- Assignment
Going through the data below, find how many lines include the word "straight", and reply with that number alone.

- Entries provided
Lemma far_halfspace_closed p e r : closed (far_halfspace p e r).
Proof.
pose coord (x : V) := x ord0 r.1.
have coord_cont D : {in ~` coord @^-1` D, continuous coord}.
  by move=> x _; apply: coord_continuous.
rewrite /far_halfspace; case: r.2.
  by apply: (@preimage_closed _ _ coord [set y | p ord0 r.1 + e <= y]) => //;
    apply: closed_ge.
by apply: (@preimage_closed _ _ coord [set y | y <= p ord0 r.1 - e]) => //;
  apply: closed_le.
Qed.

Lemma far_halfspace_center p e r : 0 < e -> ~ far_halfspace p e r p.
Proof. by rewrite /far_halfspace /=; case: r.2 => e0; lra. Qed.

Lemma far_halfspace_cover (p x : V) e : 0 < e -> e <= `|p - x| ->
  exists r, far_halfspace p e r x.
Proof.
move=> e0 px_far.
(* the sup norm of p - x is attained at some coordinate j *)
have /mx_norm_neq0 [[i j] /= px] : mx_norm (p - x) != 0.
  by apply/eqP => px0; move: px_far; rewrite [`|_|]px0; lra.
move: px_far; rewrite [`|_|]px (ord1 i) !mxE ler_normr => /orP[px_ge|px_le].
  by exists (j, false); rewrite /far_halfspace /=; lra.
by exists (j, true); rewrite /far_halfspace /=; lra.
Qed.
...
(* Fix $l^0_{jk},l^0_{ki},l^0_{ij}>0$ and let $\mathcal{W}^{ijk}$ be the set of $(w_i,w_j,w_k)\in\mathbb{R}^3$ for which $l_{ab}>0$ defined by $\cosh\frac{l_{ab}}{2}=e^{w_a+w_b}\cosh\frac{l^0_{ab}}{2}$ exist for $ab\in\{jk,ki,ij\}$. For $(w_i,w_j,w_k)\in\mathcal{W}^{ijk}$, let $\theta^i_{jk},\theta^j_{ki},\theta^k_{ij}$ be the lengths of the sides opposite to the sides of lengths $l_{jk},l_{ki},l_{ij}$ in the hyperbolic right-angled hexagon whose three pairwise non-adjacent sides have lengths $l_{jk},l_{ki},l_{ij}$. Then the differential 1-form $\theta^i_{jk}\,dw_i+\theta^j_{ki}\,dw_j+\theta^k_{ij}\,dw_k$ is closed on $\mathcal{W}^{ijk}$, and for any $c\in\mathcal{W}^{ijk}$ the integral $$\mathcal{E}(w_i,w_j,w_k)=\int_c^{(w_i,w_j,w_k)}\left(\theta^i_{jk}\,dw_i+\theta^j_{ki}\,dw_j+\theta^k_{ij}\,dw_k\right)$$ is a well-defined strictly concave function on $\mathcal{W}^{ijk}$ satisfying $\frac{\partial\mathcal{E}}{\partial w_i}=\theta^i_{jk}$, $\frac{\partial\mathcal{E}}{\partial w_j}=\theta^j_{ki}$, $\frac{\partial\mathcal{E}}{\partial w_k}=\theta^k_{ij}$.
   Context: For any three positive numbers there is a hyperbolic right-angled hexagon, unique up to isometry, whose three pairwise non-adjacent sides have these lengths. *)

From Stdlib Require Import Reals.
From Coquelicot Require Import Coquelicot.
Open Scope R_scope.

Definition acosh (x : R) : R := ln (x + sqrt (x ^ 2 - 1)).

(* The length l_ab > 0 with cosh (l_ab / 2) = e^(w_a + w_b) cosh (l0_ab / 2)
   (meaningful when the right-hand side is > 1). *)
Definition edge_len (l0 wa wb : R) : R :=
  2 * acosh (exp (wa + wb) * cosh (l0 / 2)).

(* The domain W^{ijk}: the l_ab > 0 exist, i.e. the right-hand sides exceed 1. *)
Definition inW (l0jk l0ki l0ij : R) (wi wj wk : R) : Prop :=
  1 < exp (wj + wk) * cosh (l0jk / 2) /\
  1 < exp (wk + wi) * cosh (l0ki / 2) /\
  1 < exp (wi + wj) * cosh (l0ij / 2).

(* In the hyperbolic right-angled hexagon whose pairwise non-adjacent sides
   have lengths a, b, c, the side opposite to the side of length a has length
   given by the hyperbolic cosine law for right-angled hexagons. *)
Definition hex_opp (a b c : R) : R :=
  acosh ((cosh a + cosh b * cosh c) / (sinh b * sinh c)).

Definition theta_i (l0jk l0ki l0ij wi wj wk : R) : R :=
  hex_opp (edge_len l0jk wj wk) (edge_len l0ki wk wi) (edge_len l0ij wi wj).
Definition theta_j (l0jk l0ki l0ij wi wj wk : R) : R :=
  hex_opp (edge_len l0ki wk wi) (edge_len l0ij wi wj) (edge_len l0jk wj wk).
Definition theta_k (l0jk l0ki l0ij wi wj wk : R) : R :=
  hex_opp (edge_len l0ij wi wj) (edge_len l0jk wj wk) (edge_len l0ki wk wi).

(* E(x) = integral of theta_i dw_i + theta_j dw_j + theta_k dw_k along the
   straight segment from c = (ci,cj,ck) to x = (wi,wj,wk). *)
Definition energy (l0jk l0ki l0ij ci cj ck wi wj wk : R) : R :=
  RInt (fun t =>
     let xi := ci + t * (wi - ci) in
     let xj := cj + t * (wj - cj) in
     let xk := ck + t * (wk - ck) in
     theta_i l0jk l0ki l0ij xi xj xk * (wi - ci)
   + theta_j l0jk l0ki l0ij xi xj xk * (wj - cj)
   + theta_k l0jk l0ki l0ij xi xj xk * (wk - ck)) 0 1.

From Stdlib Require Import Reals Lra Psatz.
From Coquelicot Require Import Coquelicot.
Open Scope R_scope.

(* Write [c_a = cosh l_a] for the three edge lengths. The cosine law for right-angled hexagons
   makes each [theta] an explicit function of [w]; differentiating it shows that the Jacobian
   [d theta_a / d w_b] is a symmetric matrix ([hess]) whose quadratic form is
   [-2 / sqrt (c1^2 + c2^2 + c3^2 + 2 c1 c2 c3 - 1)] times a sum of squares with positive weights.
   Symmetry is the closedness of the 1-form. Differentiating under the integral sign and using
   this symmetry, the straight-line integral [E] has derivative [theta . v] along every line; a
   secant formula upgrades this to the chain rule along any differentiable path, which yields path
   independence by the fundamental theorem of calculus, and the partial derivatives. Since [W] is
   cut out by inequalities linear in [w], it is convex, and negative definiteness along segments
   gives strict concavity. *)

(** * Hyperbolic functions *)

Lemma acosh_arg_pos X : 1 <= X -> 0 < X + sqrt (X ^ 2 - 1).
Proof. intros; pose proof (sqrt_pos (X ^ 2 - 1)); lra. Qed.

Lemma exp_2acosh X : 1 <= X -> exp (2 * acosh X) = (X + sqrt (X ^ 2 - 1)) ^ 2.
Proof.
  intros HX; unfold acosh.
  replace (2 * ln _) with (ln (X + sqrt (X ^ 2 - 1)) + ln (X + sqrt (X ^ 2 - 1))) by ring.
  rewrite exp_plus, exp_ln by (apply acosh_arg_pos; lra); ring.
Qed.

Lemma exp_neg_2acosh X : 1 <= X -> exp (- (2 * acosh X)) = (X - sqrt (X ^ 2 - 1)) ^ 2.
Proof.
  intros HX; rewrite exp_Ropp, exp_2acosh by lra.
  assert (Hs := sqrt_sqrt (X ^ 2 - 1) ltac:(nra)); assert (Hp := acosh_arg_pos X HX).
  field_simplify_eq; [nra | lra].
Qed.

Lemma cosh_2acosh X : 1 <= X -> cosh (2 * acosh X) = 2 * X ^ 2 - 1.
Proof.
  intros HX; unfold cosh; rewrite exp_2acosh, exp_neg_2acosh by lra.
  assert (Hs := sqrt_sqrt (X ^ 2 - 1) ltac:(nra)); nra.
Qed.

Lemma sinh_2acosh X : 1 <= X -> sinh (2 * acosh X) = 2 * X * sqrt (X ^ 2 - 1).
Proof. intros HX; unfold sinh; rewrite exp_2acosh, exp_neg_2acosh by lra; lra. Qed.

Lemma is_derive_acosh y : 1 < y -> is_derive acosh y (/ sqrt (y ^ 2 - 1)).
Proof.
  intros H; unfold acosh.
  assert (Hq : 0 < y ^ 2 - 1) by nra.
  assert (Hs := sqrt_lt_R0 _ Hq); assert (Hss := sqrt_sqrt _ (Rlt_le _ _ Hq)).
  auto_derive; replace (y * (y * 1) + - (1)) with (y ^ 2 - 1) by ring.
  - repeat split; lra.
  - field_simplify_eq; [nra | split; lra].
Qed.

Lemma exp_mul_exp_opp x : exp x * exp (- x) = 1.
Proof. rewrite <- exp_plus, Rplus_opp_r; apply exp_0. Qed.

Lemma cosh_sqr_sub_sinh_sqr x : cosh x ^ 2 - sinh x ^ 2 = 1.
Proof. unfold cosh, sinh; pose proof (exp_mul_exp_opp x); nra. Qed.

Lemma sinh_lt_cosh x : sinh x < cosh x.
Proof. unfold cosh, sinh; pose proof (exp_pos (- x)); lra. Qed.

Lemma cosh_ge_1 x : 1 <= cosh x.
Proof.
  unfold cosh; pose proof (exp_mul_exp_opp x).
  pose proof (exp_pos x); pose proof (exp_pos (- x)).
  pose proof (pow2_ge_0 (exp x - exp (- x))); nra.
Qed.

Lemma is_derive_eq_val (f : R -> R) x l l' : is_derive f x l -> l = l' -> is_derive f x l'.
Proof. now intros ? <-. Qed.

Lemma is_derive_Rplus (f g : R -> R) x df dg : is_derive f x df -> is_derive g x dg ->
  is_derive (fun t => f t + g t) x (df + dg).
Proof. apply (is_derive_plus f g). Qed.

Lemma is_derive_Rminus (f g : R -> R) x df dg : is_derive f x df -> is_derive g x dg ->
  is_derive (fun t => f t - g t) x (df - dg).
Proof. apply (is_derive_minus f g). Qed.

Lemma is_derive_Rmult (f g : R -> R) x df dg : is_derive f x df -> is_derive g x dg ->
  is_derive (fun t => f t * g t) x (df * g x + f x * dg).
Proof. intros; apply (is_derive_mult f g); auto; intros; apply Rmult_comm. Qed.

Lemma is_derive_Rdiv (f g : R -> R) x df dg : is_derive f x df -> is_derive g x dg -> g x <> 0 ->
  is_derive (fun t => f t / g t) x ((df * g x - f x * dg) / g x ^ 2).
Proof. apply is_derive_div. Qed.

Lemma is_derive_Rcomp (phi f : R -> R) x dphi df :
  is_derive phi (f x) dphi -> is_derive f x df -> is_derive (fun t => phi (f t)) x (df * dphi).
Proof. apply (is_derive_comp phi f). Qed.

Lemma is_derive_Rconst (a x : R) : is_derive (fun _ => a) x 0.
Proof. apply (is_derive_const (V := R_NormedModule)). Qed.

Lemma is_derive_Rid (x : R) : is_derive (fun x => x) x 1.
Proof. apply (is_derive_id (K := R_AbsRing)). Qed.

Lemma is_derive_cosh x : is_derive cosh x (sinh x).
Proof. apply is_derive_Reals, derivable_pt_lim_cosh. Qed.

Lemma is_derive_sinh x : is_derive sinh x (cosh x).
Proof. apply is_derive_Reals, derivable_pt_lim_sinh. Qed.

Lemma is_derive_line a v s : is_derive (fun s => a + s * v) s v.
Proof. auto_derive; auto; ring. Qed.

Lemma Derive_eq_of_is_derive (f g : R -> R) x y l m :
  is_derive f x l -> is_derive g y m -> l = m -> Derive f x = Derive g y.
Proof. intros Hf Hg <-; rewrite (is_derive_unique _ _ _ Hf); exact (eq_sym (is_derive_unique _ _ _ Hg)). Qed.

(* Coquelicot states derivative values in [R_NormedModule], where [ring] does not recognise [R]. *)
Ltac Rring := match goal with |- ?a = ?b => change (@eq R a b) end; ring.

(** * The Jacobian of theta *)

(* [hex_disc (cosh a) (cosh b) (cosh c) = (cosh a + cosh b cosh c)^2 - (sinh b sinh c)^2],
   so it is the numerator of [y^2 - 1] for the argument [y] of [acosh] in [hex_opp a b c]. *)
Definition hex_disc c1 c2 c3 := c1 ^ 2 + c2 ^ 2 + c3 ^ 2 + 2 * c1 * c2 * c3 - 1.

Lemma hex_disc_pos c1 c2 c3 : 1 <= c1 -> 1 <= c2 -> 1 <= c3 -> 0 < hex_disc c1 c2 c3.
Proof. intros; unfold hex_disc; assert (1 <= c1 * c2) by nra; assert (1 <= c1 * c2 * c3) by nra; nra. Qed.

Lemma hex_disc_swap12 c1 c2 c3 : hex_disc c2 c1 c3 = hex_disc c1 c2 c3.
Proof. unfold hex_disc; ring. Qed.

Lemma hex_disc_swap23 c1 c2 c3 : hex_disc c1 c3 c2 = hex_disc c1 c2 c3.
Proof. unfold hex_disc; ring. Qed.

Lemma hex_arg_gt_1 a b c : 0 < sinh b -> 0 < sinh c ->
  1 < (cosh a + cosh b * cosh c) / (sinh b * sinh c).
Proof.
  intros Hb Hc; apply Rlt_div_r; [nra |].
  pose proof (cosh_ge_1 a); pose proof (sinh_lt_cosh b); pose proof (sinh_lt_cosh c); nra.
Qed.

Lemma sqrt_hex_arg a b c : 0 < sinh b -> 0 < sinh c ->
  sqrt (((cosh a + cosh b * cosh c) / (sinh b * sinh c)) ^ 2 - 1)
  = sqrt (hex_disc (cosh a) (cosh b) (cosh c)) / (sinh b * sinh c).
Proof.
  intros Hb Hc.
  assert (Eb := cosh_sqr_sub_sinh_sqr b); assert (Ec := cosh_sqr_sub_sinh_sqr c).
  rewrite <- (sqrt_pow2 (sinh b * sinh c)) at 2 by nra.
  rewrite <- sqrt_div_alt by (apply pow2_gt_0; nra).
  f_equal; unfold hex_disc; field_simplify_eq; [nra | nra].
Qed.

- Output below
2